Mr Yechury, who along with other Left leaders, met Defence Minister Pranab Mukherjee and Finance Minister P. Chidambaram, said the Left leaders would discuss the fresh proposals and get back to the government soon.

Asked who, the government or the Left, was changing its stance on these crucial matters, he said “we (Left) have publicly stated our position on these issues. It is obvious who is.” The Manmohan government is eager to pass the Pension Funds Regulatory and Development Authority (PFRDA) Bill in the winter session of Parliament.

The biggest hurdle in the way of the PFRDA Bill is the Left’s demand that the government ensures employees continue to get a guaranteed pension (50 per cent of their monthly salary calculated on the basis of the average of the monthly salaries in the previous three years).
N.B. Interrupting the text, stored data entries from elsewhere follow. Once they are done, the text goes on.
Lemma cut_moment_2_bound L j : 0 < L -> (j <= 1)%nat -> Rabs (cut_moment L 2 j) <= 3456 * PI.
Proof.
  intros HL Hj. apply abs_RInt_le_cauchy; [lra | intros; apply cut_moment_integrand_continuous; exact HL|].
  intros y. replace (3456 / (1 + y ^ 2)) with (1728 * 2 / (1 + y ^ 2)) by (unfold Rdiv; ring).
  apply Rabs_mul_rho_le.
  destruct (cut_range L (2 * y) HL) as [Hc0 Hc1].
  assert (Hpow : Rabs (y ^ j) <= 1 + y ^ 2).
  { destruct j as [|[|j]]; [| |lia]; simpl; rewrite ?Rmult_1_r, ?Rabs_R1; [nra|].
    apply Rabs_le; split; nra. }
  assert (Hh : Rabs (h 2 y) <= 2 * (1 + y ^ 2)) by (simpl; apply Rabs_le; split; nra).
  rewrite !Rabs_mult, (Rabs_right (cut L (2 * y))) by lra.
  pose proof (Rabs_pos (y ^ j)).
  replace (2 * (1 + y ^ 2) ^ 2) with ((1 + y ^ 2) * (2 * (1 + y ^ 2))) by ring.
  apply Rmult_le_compat; [apply Rmult_le_pos; lra | apply Rabs_pos | nra | exact Hh].
Qed.

Lemma cut_moment_ratio_eventually m : (m <= 1)%nat ->
  exists N, forall L, N <= L -> 1 <= 2 * (cut_moment L m m / hermite_norm m).
Proof.
  intros Hm. pose proof (hermite_norm_pos m Hm) as HD.
  destruct (proj2 (hermite_norm_approx m Hm) (hermite_norm m / 2)) as [N HN]; [lra|].
  exists (2 * Rmax N 1). intros L HL.
  apply (Rmult_le_reg_r (hermite_norm m)); [exact HD|].
  unfold Rdiv; rewrite Rmult_assoc, Rmult_assoc, Rinv_l, Rmult_1_r, Rmult_1_l by lra.
  pose proof (Rmax_l N 1); pose proof (Rmax_r N 1).
  assert (HL0 : 0 < L) by lra.
  specialize (HN (L / 2) ltac:(lra)).
  enough (RInt (fun z => h m z ^ 2 * rho z) (- (L / 2)) (L / 2) <= cut_moment L m m) by lra.
  unfold cut_moment.
  rewrite (RInt_ext (fun z => h m z ^ 2 * rho z) (fun y => y ^ m * cut L (2 * y) * h m y * rho y)).
  - apply RInt_nonneg_le_wider; try lra; [intros; apply cut_moment_integrand_continuous; exact HL0|].
    intros y. pose proof (rho_pos y). pose proof (cut_range L (2 * y) HL0).
    replace (y ^ m * cut L (2 * y) * h m y * rho y) with (cut L (2 * y) * (y ^ m * h m y) * rho y) by ring.
    rewrite pow_mul_h_diag by exact Hm.
    apply Rmult_le_pos; [apply Rmult_le_pos; [lra | apply pow2_ge_0] | lra].
  - intros y Hy. rewrite Rmin_left, Rmax_right in Hy by lra.
    rewrite cut_one; [| exact HL0 | apply Rabs_le; split; lra].
    rewrite <- (pow_mul_h_diag m y), Rmult_1_r by exact Hm; reflexivity.
Qed.

Lemma chi_mul_psi K p A s0 d0 d1 y : 0 < K * Rpower s0 (beta p) ->
  chi chi0 K p y s0 * psi chi0 K p A s0 d0 d1 y = psi chi0 K p A s0 d0 d1 y.
Proof.
  intros HL. change (chi chi0 K p y s0) with (cut (K * Rpower s0 (beta p)) y).
  unfold psi; change (chi chi0 K p (2 * y) s0) with (cut (K * Rpower s0 (beta p)) (2 * y)).
  destruct (Rle_or_lt (Rabs y) (K * Rpower s0 (beta p))) as [Hin | Hout].
  - rewrite cut_one by assumption; ring.
  - rewrite (cut_zero _ (2 * y)) by (try rewrite Rabs_mult, (Rabs_right 2); lra); ring.
Qed.

Lemma r_b_psi K p A s0 d0 d1 : 0 < K * Rpower s0 (beta p) ->
  r_b chi0 K p s0 (psi chi0 K p A s0 d0 d1) = psi chi0 K p A s0 d0 d1.
Proof. intros HL; apply functional_extensionality; intros y; apply chi_mul_psi, HL. Qed.

Lemma r_e_psi K p A s0 d0 d1 y : 0 < K * Rpower s0 (beta p) ->
  r_e chi0 K p s0 (psi chi0 K p A s0 d0 d1) y = 0.
Proof.
  intros HL; unfold r_e; rewrite Rmult_minus_distr_r, chi_mul_psi by exact HL; ring.
Qed.

Lemma r_mode_psi K p A s0 d0 d1 m : 0 < K * Rpower s0 (beta p) ->
  r_mode chi0 K p s0 (psi chi0 K p A s0 d0 d1) m =
  A / Rpower s0 (2 * beta p + 1) / hermite_norm m *
  (d0 * cut_moment (K * Rpower s0 (beta p)) m 0 + d1 * cut_moment (K * Rpower s0 (beta p)) m 1).
Proof.
  intros HL. set (L := K * Rpower s0 (beta p)) in *.
  set (c := A / Rpower s0 (2 * beta p + 1) / hermite_norm m).
  set (F := fun j y => y ^ j * cut L (2 * y) * h m y * rho y).
  assert (HF : forall j y, continuous (F j) y) by (intros; apply cut_moment_integrand_continuous, HL).
  unfold r_mode; rewrite r_b_psi by exact HL.
  replace (fun y => psi chi0 K p A s0 d0 d1 y * k m y * rho y)
    with (fun y => c * d0 * F 0%nat y + c * d1 * F 1%nat y).
  - rewrite (integral_R_compact _ L HL).
    + rewrite RInt_lin_comb by (apply ex_RInt_cont; auto).
      unfold cut_moment; fold (F 0%nat) (F 1%nat); ring.
    + intros y; apply continuous_lin_comb; auto.
    + intros y Hy. unfold F. rewrite cut_zero by (try rewrite Rabs_mult, (Rabs_right 2); lra); ring.
  - apply functional_extensionality; intros y.
    unfold F, c, psi, k, hermite_norm; simpl.
    change (chi chi0 K p (2 * y) s0) with (cut L (2 * y)). unfold Rdiv. ring.
Qed.

Lemma psi_bound K p A s0 d0 d1 y : 0 < K * Rpower s0 (beta p) -> 0 <= A ->
  Rabs d0 <= 2 -> Rabs d1 <= 2 ->
  Rabs (psi chi0 K p A s0 d0 d1 y) <= A / Rpower s0 (2 * beta p + 1) * (2 + 2 * Rabs y).
Proof.
  intros HL HA Hd0 Hd1. unfold psi.
  change (chi chi0 K p (2 * y) s0) with (cut (K * Rpower s0 (beta p)) (2 * y)).
  set (M := A / Rpower s0 (2 * beta p + 1)).
  assert (HM : 0 <= M) by (apply Rdiv_le_0_compat; [exact HA | apply exp_pos]).
  destruct (cut_range (K * Rpower s0 (beta p)) (2 * y) HL) as [Hc0 Hc1].
  assert (Hlin : Rabs (d0 + d1 * y) <= 2 + 2 * Rabs y).
  { eapply Rle_trans; [apply Rabs_triang|]. rewrite Rabs_mult.
    pose proof (Rabs_pos y); pose proof (Rabs_pos d1); nra. }
  rewrite !Rabs_mult, (Rabs_right M), (Rabs_right (cut _ _)) by lra.
  rewrite Rmult_assoc; apply Rmult_le_compat_l; [exact HM|].
  pose proof (Rabs_pos (d0 + d1 * y)); nra.
Qed.

Lemma psi_derive_bound B K p A s0 d0 d1 y :
  0 <= B -> (forall t, 0 < t -> Rabs (Derive chi0 t) <= B) ->
  1 <= K * Rpower s0 (beta p) -> 0 <= A -> Rabs d0 <= 2 -> Rabs d1 <= 2 ->
  exists dps, is_derive (psi chi0 K p A s0 d0 d1) y dps /\
    Rabs dps <= A / Rpower s0 (2 * beta p + 1) * (2 + 8 * B).
Proof.
  intros HB0 HB HL HA Hd0 Hd1.
  set (L := K * Rpower s0 (beta p)) in *.
  set (M := A / Rpower s0 (2 * beta p + 1)).
  assert (HM : 0 <= M) by (apply Rdiv_le_0_compat; [exact HA | apply exp_pos]).
  destruct (cut_is_derive B L (2 * y) HB0 HB ltac:(lra)) as [d [Hd [Hdb Hdz]]].
  destruct (cut_range L (2 * y) ltac:(lra)) as [Hc0 Hc1].
  exists (M * d1 * cut L (2 * y) + M * (d0 + d1 * y) * (2 * d)). split.
  - apply (is_derive_ext (fun t => M * (d0 + d1 * t) * cut L (2 * t))); [reflexivity|].
    apply (is_derive_mult (fun t => M * (d0 + d1 * t)) (fun t => cut L (2 * t)));
      [auto_derive; auto; ring | | intros; apply Rmult_comm].
    replace (2 * d) with (scal 2 d) by reflexivity.
    apply (is_derive_comp (cut L) (fun t => 2 * t)); [exact Hd | auto_derive; auto; ring].
  - assert (Hfar : Rabs (d0 + d1 * y) * (2 * Rabs d) <= 8 * B).
    { destruct (Rle_or_lt (Rabs y) L) as [Hin | Hout].
      + assert (Rabs (d0 + d1 * y) <= 2 + 2 * L).
        { eapply Rle_trans; [apply Rabs_triang|]. rewrite Rabs_mult.
          pose proof (Rabs_pos y); pose proof (Rabs_pos d1); nra. }
        assert (Rabs d * L <= B).
        { apply (Rmult_le_compat_r L) in Hdb; [|lra].
          unfold Rdiv in Hdb; rewrite Rmult_assoc, Rinv_l in Hdb; lra. }
        pose proof (Rabs_pos d); pose proof (Rabs_pos (d0 + d1 * y)); nra.
      + rewrite Hdz, Rabs_R0; [lra|].
        rewrite Rabs_mult, (Rabs_right 2); lra. }
    eapply Rle_trans; [apply Rabs_triang|].
    rewrite !Rabs_mult, (Rabs_right M), (Rabs_right (cut L (2 * y))), (Rabs_right 2) by lra.
    pose proof (Rabs_pos d1); pose proof (Rabs_pos d); pose proof (Rabs_pos (d0 + d1 * y)).
    assert (Rabs d1 * cut L (2 * y) <= 2) by nra.
    nra.
Qed.

Lemma r_mode_psi_2_bound K p A s0 d0 d1 : 0 < K * Rpower s0 (beta p) -> 0 <= A ->
  Rabs d0 <= 2 -> Rabs d1 <= 2 ->
  Rabs (r_mode chi0 K p s0 (psi chi0 K p A s0 d0 d1) 2) <=
  A / Rpower s0 (2 * beta p + 1) * mode2_factor.
Proof.
  intros HL HA Hd0 Hd1. rewrite r_mode_psi by exact HL.
  set (L := K * Rpower s0 (beta p)) in *.
  set (M := A / Rpower s0 (2 * beta p + 1)).
  assert (HM : 0 <= M) by (apply Rdiv_le_0_compat; [exact HA | apply exp_pos]).
  pose proof (cut_moment_2_bound L 0 HL ltac:(lia)) as H0.
  pose proof (cut_moment_2_bound L 1 HL ltac:(lia)) as H1.
  assert (Hsum : Rabs (d0 * cut_moment L 2 0 + d1 * cut_moment L 2 1) <= 13824 * PI).
  { eapply Rle_trans; [apply Rabs_triang|]. rewrite !Rabs_mult.
    pose proof (Rabs_pos d0); pose proof (Rabs_pos d1).
    pose proof (Rabs_pos (cut_moment L 2 0)); pose proof (Rabs_pos (cut_moment L 2 1)). nra. }
  unfold mode2_factor, Rdiv. rewrite !Rabs_mult, (Rabs_right M) by lra.
  pose proof (Rabs_pos (/ hermite_norm 2)).
  replace (M * (13824 * PI * Rabs (/ hermite_norm 2)))
    with (M * Rabs (/ hermite_norm 2) * (13824 * PI)) by ring.
  apply Rmult_le_compat_l; [apply Rmult_le_pos; lra | exact Hsum].
Qed.

Lemma r_minus_psi K p A s0 d0 d1 y : 0 < K * Rpower s0 (beta p) ->
  r_minus chi0 K p s0 (psi chi0 K p A s0 d0 d1) y =
  psi chi0 K p A s0 d0 d1 y
  - (r_mode chi0 K p s0 (psi chi0 K p A s0 d0 d1) 0
     + r_mode chi0 K p s0 (psi chi0 K p A s0 d0 d1) 1 * y
     + r_mode chi0 K p s0 (psi chi0 K p A s0 d0 d1) 2 * (y ^ 2 - 2)).
Proof. intros HL; unfold r_minus; rewrite r_b_psi by exact HL; simpl; ring. Qed.

Lemma r_minus_psi_bound K p A s0 d0 d1 y : 0 < K * Rpower s0 (beta p) -> 0 <= A ->
  Rabs d0 <= 2 -> Rabs d1 <= 2 ->
  Rabs (r_mode chi0 K p s0 (psi chi0 K p A s0 d0 d1) 0) <= A / Rpower s0 (2 * beta p + 1) ->
  Rabs (r_mode chi0 K p s0 (psi chi0 K p A s0 d0 d1) 1) <= A / Rpower s0 (2 * beta p + 1) ->
  Rabs (r_minus chi0 K p s0 (psi chi0 K p A s0 d0 d1) y) <=
  A / Rpower s0 (2 * beta p + 1) * (6 + 3 * mode2_factor) * (1 + Rabs y ^ 3).
Proof.
  intros HL HA Hd0 Hd1 Hq0 Hq1. rewrite r_minus_psi by exact HL.
  apply quadratic_remainder_bound; auto.
  - apply Rdiv_le_0_compat; [exact HA | apply exp_pos].
  - apply Rmult_le_pos; [pose proof PI_RGT_0; lra | apply Rabs_pos].
  - apply psi_bound; assumption.
  - apply r_mode_psi_2_bound; assumption.
Qed.

Lemma r_minus_psi_derive_bound B K p A s0 d0 d1 y :
  0 <= B -> (forall t, 0 < t -> Rabs (Derive chi0 t) <= B) ->
  1 <= K * Rpower s0 (beta p) -> 0 <= A -> Rabs d0 <= 2 -> Rabs d1 <= 2 ->
  Rabs (r_mode chi0 K p s0 (psi chi0 K p A s0 d0 d1) 1) <= A / Rpower s0 (2 * beta p + 1) ->
  Rabs (Derive (r_minus chi0 K p s0 (psi chi0 K p A s0 d0 d1)) y) <=
  A / Rpower s0 (2 * beta p + 1) * (2 + 8 * B + 1 + 2 * mode2_factor) * (1 + Rabs y ^ 3).
Proof.
  intros HB0 HB HL HA Hd0 Hd1 Hq1.
  set (q0 := r_mode chi0 K p s0 (psi chi0 K p A s0 d0 d1) 0).
  set (q1 := r_mode chi0 K p s0 (psi chi0 K p A s0 d0 d1) 1) in *.
  set (q2 := r_mode chi0 K p s0 (psi chi0 K p A s0 d0 d1) 2).
  destruct (psi_derive_bound B K p A s0 d0 d1 y) as [dps [Hd Hdb]]; auto.
  rewrite (is_derive_unique _ _ (dps - (q1 + q2 * (2 * y)))).
  - apply linear_remainder_bound; auto.
    + apply Rdiv_le_0_compat; [exact HA | apply exp_pos].
    + apply Rmult_le_pos; [pose proof PI_RGT_0; lra | apply Rabs_pos].
    + lra.
    + apply r_mode_psi_2_bound; lra.
  - apply (is_derive_ext (fun t => psi chi0 K p A s0 d0 d1 t - (q0 + q1 * t + q2 * (t ^ 2 - 2))));
      [intros t; rewrite r_minus_psi by lra; reflexivity|].
    apply (is_derive_minus (psi chi0 K p A s0 d0 d1)); [exact Hd | auto_derive; auto; ring].
Qed.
The government had earlier rejected the demand saying that pension is no more a statutory benefit, but a contributory one.

The Left’s argument is that setting up a pension regulatory authority board and investing the pension amount in the stock market will affect the “secure life” of a pensioner.

The burden of pension has been growing steeply, both on the Centre as also the state governments, throwing their finances haywire.

The government is hopeful of pushing the Banking Regulation (Amendment) Bill in the current session with the new proposals. Allies of the UPA maintain that the proposed removal of the 10 per cent cap on voting rights would allow foreign banks to take over private Indian banks, which is not in the interests of the country.